Definition HKK (n : nat) : sgraph :=
  @mkG ('I_n + 'I_n)%type (fun u v =>
    match u, v with
    | inl i, inr j => (i <= j)%N
    | inl _, inl _ => true
    | inr _, inr _ => true
    | _, _ => false
    end).

(* (5) => (1): a vertex of a maximal clique [K] lies only in [K] and in cliques
   meeting [K], and two vertices of [K] lying in the same cliques meeting [K]
   are equivalent, so [cideg <= cdeg + 1] and [omt <= 2 ^ cdeg].
   (1) => (4) => (3): [N[v]] is covered by the maximal cliques through [v], and
   [alpha <= theta].
   (3) => (6): in the two-clique obstructions the clique [X] consists of
   pairwise inequivalent vertices, so [omt >= n]; the star has [alpha* = n].
   (2) => (5): a maximal clique is a union of twin classes, all within
   distance one of any of them in the twin-reduced graph; so a clique meeting
   it is determined by a subset of the at most [(d+1)^2] classes within
   distance one of it.
   (6) => (2): if a twin class has many neighbours, Ramsey's theorem in the
   neighbourhood of a representative gives a star or a huge clique [Q] of
   pairwise non-twins.  Repeatedly splitting [Q] by a vertex outside [Q] that
   separates two of its members yields [x_t] in [Q] and [z_t] outside [Q] such
   that the adjacency of [x_t'] and [z_t] is the same for all [t' > t] and
   opposite for [t' = t].  Two more applications of Ramsey's theorem extract a
   staircase: [x_i z_j] adjacent according to [i < j], [i = j] or [i > j] only,
   and [Z] a clique or independent; each of the eight staircases contains one
   of the five obstructions. *)

From mathcomp Require Import all_boot zify.

Set Implicit Arguments.
Unset Strict Implicit.
Unset Printing Implicit Defensive.

Lemma leq_cardsU1 (T : finType) (a : T) (A : {set T}) : #|a |: A| <= #|A|.+1.
Proof. by rewrite cardsU1; case: (a \notin A). Qed.

Lemma widen_ord_inj m n (le_mn : m <= n) : injective (widen_ord le_mn).
Proof. by move=> i j /(congr1 (@nat_of_ord n)) /= /ord_inj. Qed.

Lemma leq_card_bigcup (I T : finType) (P : {set I}) (F : I -> {set T}) :
  #|\bigcup_(i in P) F i| <= \sum_(i in P) #|F i|.
Proof.
apply: (big_rec2 (fun (S : {set T}) n => #|S| <= n)); first by rewrite cards0.
by move=> i S n _ le_Sn; rewrite (leq_trans (leq_card_setU _ _)) ?leq_add2l.
Qed.

Lemma leq_imset_card_factor (T U W : finType) (f : T -> U) (g : T -> W)
    (D : {set T}) :
  {in D &, forall x y, g x = g y -> f x = f y} -> #|f @: D| <= #|g @: D|.
Proof.
move=> gf; have [->|[x0 _]] := set_0Vmem D; first by rewrite !imset0 cards0.
pose h w := f (odflt x0 [pick x in D | g x == w]).
apply: leq_trans (leq_imset_card h _); apply/subset_leq_card/subsetP.
move=> _ /imsetP[x xD ->]; apply/imsetP; exists (g x); first exact: imset_f.
rewrite /h; case: pickP => [y /andP[yD /eqP gyx] /=|/(_ x)]; last by rewrite xD eqxx.
exact: gf.
Qed.

Section Cliques.
Variable G : sgraph.
Local Notation V := (vert G).
Local Notation adj := (@adj G).

Lemma cliqueP (K : {set V}) :
  reflect {in K &, forall x y, x != y -> adj x y} (clique K).
Proof.
apply: (iffP forallP) => [cK x y xK yK | cK x].
  by move/implyP/(_ xK)/forallP/(_ y)/implyP/(_ yK)/implyP: (cK x).
by apply/implyP=> xK; apply/forallP=> y; apply/implyP=> yK; apply/implyP; apply: cK.
Qed.

Lemma maxclP (K : {set V}) :
  reflect (clique K /\ forall K', clique K' -> K \subset K' -> K' = K) (maxcl K).
Proof.
apply: (iffP andP) => [[cK /forallP maxK]|[cK maxK]]; split=> //.
  by move=> K' cK' sKK'; apply/eqP; move: (maxK K'); rewrite cK' sKK'.
by apply/forallP => K'; apply/implyP => /andP[cK' /(maxK K' cK') ->].
Qed.

Lemma maxcl_clique (K : {set V}) : maxcl K -> clique K.
Proof. by case/maxclP. Qed.

Lemma maxcl_adj (K : {set V}) x y :
  maxcl K -> x \in K -> y \in K -> x != y -> adj x y.
Proof. by move/maxcl_clique/cliqueP; apply. Qed.

Lemma clique_sub_maxcl (K : {set V}) :
  clique K -> exists2 K', maxcl K' & K \subset K'.
Proof.
case/(maxset_exists (P := @clique G)) => K' /maxsetP[cK' maxK'] sKK'.
by exists K' => //; apply/maxclP.
Qed.

Lemma clique_set2 (x y : V) : x \in cnbhd y -> clique [set x; y].
Proof.
rewrite !inE => xy; apply/cliqueP => u w.
rewrite !inE => /orP[]/eqP-> /orP[]/eqP->; rewrite ?eqxx // => ne.
  by case/orP: xy ne => [/eqP->|]; rewrite ?eqxx // adj_sym.
by case/orP: xy ne => [/eqP->|]; rewrite ?eqxx.
Qed.

Definition maxcl_at (v : V) := [set K : {set V} | maxcl K && (v \in K)].

Lemma clique_sub_cnbhd (K : {set V}) v : clique K -> v \in K -> K \subset cnbhd v.
Proof.
move=> cK vK; apply/subsetP => w wK; rewrite !inE.
by case: eqP => //= /eqP wv; apply: (cliqueP _ cK) => //; rewrite eq_sym.
Qed.

Lemma cnbhd_bigcup (v : V) : cnbhd v = \bigcup_(K in maxcl_at v) K.
Proof.
apply/setP => w; apply/idP/bigcupP => [wv|[K]]; last first.
  by rewrite inE => /andP[mK vK]; apply/subsetP/clique_sub_cnbhd/vK/maxcl_clique.
have [K mK /subsetP sK] := clique_sub_maxcl (clique_set2 wv).
by exists K; rewrite ?inE ?mK sK // !inE eqxx ?orbT.
Qed.

Lemma maxcl_twin (K : {set V}) x y :
  maxcl K -> x \in K -> cnbhd y = cnbhd x -> y \in K.
Proof.
move=> mK xK yx; have /maxclP[cK maxK] := mK.
have sKy : K \subset cnbhd y by rewrite yx clique_sub_cnbhd.
suff cyK : clique (y |: K) by rewrite -(maxK _ cyK (subsetUr _ _)) setU11.
apply/cliqueP => a b; rewrite !inE => /orP[/eqP->|aK] /orP[/eqP->|bK];
  rewrite ?eqxx // => ne.
- by move: (subsetP sKy b bK); rewrite !inE eq_sym (negbTE ne).
- by move: (subsetP sKy a aK); rewrite !inE (negbTE ne) adj_sym.
- exact: (cliqueP _ cK).
Qed.

Lemma mem_tw (x : V) : x \in tw x. Proof. by rewrite inE. Qed.

Lemma tw_cnbhd (x y : V) : y \in tw x -> cnbhd y = cnbhd x.
Proof. by rewrite inE => /eqP. Qed.

Lemma tw_eq (x y : V) : y \in tw x -> tw y = tw x.
Proof. by move/tw_cnbhd => yx; apply/setP => z; rewrite !inE yx. Qed.

Lemma tw_twin_classes (x : V) : tw x \in twin_classes G.
Proof. exact: imset_f. Qed.

Lemma tq_adj_tw (x y : V) : tw x != tw y -> adj x y -> tq_adj (tw x) (tw y).
Proof.
move=> ne xy; rewrite /tq_adj ne; apply/existsP; exists x; rewrite mem_tw.
by apply/existsP; exists y; rewrite mem_tw.
Qed.

End Cliques.

Section UpperBounds.
Variable G : sgraph.
Local Notation V := (vert G).

Definition maxcl_nbrs (K : {set V}) :=
  [set K' : {set V} | [&& maxcl K', K' != K & K :&: K' != set0]].

Lemma leq_cdeg (K : {set V}) : maxcl K -> #|maxcl_nbrs K| <= cdeg G.
Proof.
by move=> mK; apply: (@leq_bigmax_cond _ (@maxcl G) (fun K => #|maxcl_nbrs K|)).
Qed.

Lemma leq_cideg (v : V) : #|maxcl_at v| <= cideg G.
Proof. exact: (@leq_bigmax _ (fun v => #|maxcl_at v|)). Qed.

Lemma cideg_le_cdeg : cideg G <= (cdeg G).+1.
Proof.
apply/bigmax_leqP => v _; rewrite -/(maxcl_at v).
have [->|[K0]] := set_0Vmem (maxcl_at v); first by rewrite cards0.
rewrite inE => /andP[mK0 vK0]; apply: (@leq_trans #|K0 |: maxcl_nbrs K0|).
  apply/subset_leq_card/subsetP => K; rewrite !inE => /andP[mK vK].
  case: eqP => //= _; rewrite mK; apply/set0Pn.
  by exists v; rewrite inE vK0.
by rewrite (leq_trans (leq_cardsU1 _ _)) // ltnS leq_cdeg.
Qed.

Lemma omt_le_cdeg : omt G <= 2 ^ cdeg G.
Proof.
apply/bigmax_leqP => K mK.
pose g v := [set K' in maxcl_nbrs K | v \in K'].
have same_maxcl v w : v \in K -> w \in K -> g v = g w ->
    forall K', maxcl K' -> (v \in K') = (w \in K').
  move=> vK wK gvw K' mK'; have [->|ne] := eqVneq K' K; first by rewrite vK wK.
  have [dis|meet] := eqVneq (K :&: K') set0.
    by move: (in_set0 v) (in_set0 w); rewrite -dis !inE vK wK /= => -> ->.
  by move: (congr1 (fun S : {set {set V}} => K' \in S) gvw); rewrite !inE mK' ne meet.
apply: leq_trans (leq_imset_card_factor (g := g) _) _.
  move=> v w vK wK gvw; apply/setP => u; rewrite !inE; apply: eq_forallb => K'.
  by case mK': (maxcl K'); rewrite //= (same_maxcl v w).
apply: (@leq_trans #|powerset (maxcl_nbrs K)|).
  apply/subset_leq_card/subsetP => _ /imsetP[v _ ->].
  by rewrite powersetE; apply/subsetP => K'; rewrite inE => /andP[].
by rewrite card_powerset leq_pexp2l // leq_cdeg.
Qed.

Lemma thetastar_le_cideg : thetastar G <= cideg G.
Proof.
apply/bigmax_leqP => v _; apply: leq_trans (leq_cideg v).
rewrite /theta_in; case: ex_minnP => m _; apply.
apply/existsP; exists (maxcl_at v); rewrite leqnn -cnbhd_bigcup eqxx andbT.
apply/forallP => K; apply/implyP; rewrite inE => /andP[mK vK].
by rewrite maxcl_clique ?clique_sub_cnbhd ?maxcl_clique.
Qed.

Definition tq_nbhd (A : {set V}) := [set B in twin_classes G | tq_adj A B].
Definition tw_classes (K : {set V}) := [set tw x | x in K].

Lemma maxcl_bigcup_tw_classes (K : {set V}) :
  maxcl K -> K = \bigcup_(B in tw_classes K) B.
Proof.
move=> mK; apply/setP => x; apply/idP/bigcupP => [xK|[_ /imsetP[y yK ->] xy]].
  by exists (tw x); [exact: imset_f | exact: mem_tw].
exact: maxcl_twin mK yK (tw_cnbhd xy).
Qed.

Lemma tw_classes_sub (K : {set V}) k :
  maxcl K -> k \in K -> tw_classes K \subset tw k |: tq_nbhd (tw k).
Proof.
move=> mK kK; apply/subsetP => _ /imsetP[x xK ->]; rewrite in_setU1 inE.
have [->//|ne] := eqVneq (tw k) (tw x).
rewrite tw_twin_classes tq_adj_tw ?orbT //; apply: maxcl_adj mK kK xK _.
by apply: contraNneq ne => ->.
Qed.

Lemma cdeg_le_twin d : twin_reduced_maxdeg_le G d -> cdeg G <= 2 ^ (d.+1 * d.+1).
Proof.
move=> degG; have nbhd_le k : #|tw k |: tq_nbhd (tw k)| <= d.+1.
  by rewrite (leq_trans (leq_cardsU1 _ _)) // ltnS degG ?tw_twin_classes.
apply/bigmax_leqP => K mK; rewrite -/(maxcl_nbrs K).
have [K0|[k0 k0K]] := set_0Vmem K.
  rewrite (_ : maxcl_nbrs K = set0) ?cards0 //; apply/setP => K'.
  by rewrite !inE K0 set0I eqxx !andbF.
pose U := \bigcup_(B in tw_classes K) (B |: tq_nbhd B).
have cardU : #|U| <= d.+1 * d.+1.
  apply: leq_trans (leq_card_bigcup _ _) _.
  apply: (@leq_trans (\sum_(B in tw_classes K) d.+1)).
    by apply: leq_sum => _ /imsetP[k _ ->]; exact: nbhd_le.
  rewrite sum_nat_const leq_mul2r.
  by rewrite (leq_trans (subset_leq_card (tw_classes_sub mK k0K))) ?nbhd_le ?orbT.
apply: (@leq_trans #|tw_classes @: maxcl_nbrs K|).
  rewrite card_in_imset // => K1 K2; rewrite !inE => /andP[m1 _] /andP[m2 _] e.
  by rewrite (maxcl_bigcup_tw_classes m1) (maxcl_bigcup_tw_classes m2) e.
apply: (@leq_trans #|powerset U|); last by rewrite card_powerset leq_pexp2l.
apply/subset_leq_card/subsetP => _ /imsetP[K' + ->].
rewrite inE => /and3P[mK' _ /set0Pn[k]]; rewrite inE => /andP[kK kK'].
rewrite powersetE (subset_trans (tw_classes_sub mK' kK')) //.
by apply: (bigcup_sup (tw k)); apply: imset_f.
Qed.

End UpperBounds.

Section LowerBounds.
Variable G : sgraph.
Local Notation V := (vert G).
Local Notation adj := (@adj G).

Lemma indepP (A : {set V}) : reflect {in A &, forall x y, ~~ adj x y} (indep A).
Proof.
apply: (iffP forallP) => [indA x y xA yA | indA x].
  by move/implyP/(_ xA)/forallP/(_ y)/implyP/(_ yA): (indA x).
by apply/implyP => xA; apply/forallP => y; apply/implyP; apply: indA.
Qed.

Lemma alpha_in_le_theta_in (S : {set V}) : alpha_in S <= theta_in S.
Proof.
apply/bigmax_leqP => A /andP[sAS /indepP indA].
rewrite /theta_in; case: ex_minnP => m /existsP[P] /and3P[cardP /forall_inP cP].
move=> /eqP coverP _.
pose pk a := odflt set0 [pick K in P | a \in K].
have pkP a : a \in A -> pk a \in P /\ a \in pk a.
  move=> aA; move: (subsetP sAS a aA); rewrite -coverP => /bigcupP[K KP aK].
  by rewrite /pk; case: pickP => [K' /andP[]|/(_ K)] //; rewrite KP aK.
have pk_inj : {in A &, injective pk}.
  move=> a b aA bA pkab; apply/eqP; apply: contraT => ne.
  have [KP aK] := pkP a aA; have [_] := pkP b bA; rewrite -pkab => bK.
  have /andP[/cliqueP cK _] := cP _ KP.
  by have := indA a b aA bA; rewrite (cK a b aK bK ne).
rewrite -(card_in_imset pk_inj) (leq_trans _ cardP) //.
by apply/subset_leq_card/subsetP => _ /imsetP[a aA ->]; case: (pkP a aA).
Qed.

■ What is required
In the listing above, find the line containing "Proof. exact: (@leq_bigmax" and the line containing "rewrite inE => /andP[mK0", then retype both and every line between them exactly, with nothing else.

■ Solution to this exercise
Proof. exact: (@leq_bigmax _ (fun v => #|maxcl_at v|)). Qed.

Lemma cideg_le_cdeg : cideg G <= (cdeg G).+1.
Proof.
apply/bigmax_leqP => v _; rewrite -/(maxcl_at v).
have [->|[K0]] := set_0Vmem (maxcl_at v); first by rewrite cards0.
rewrite inE => /andP[mK0 vK0]; apply: (@leq_trans #|K0 |: maxcl_nbrs K0|).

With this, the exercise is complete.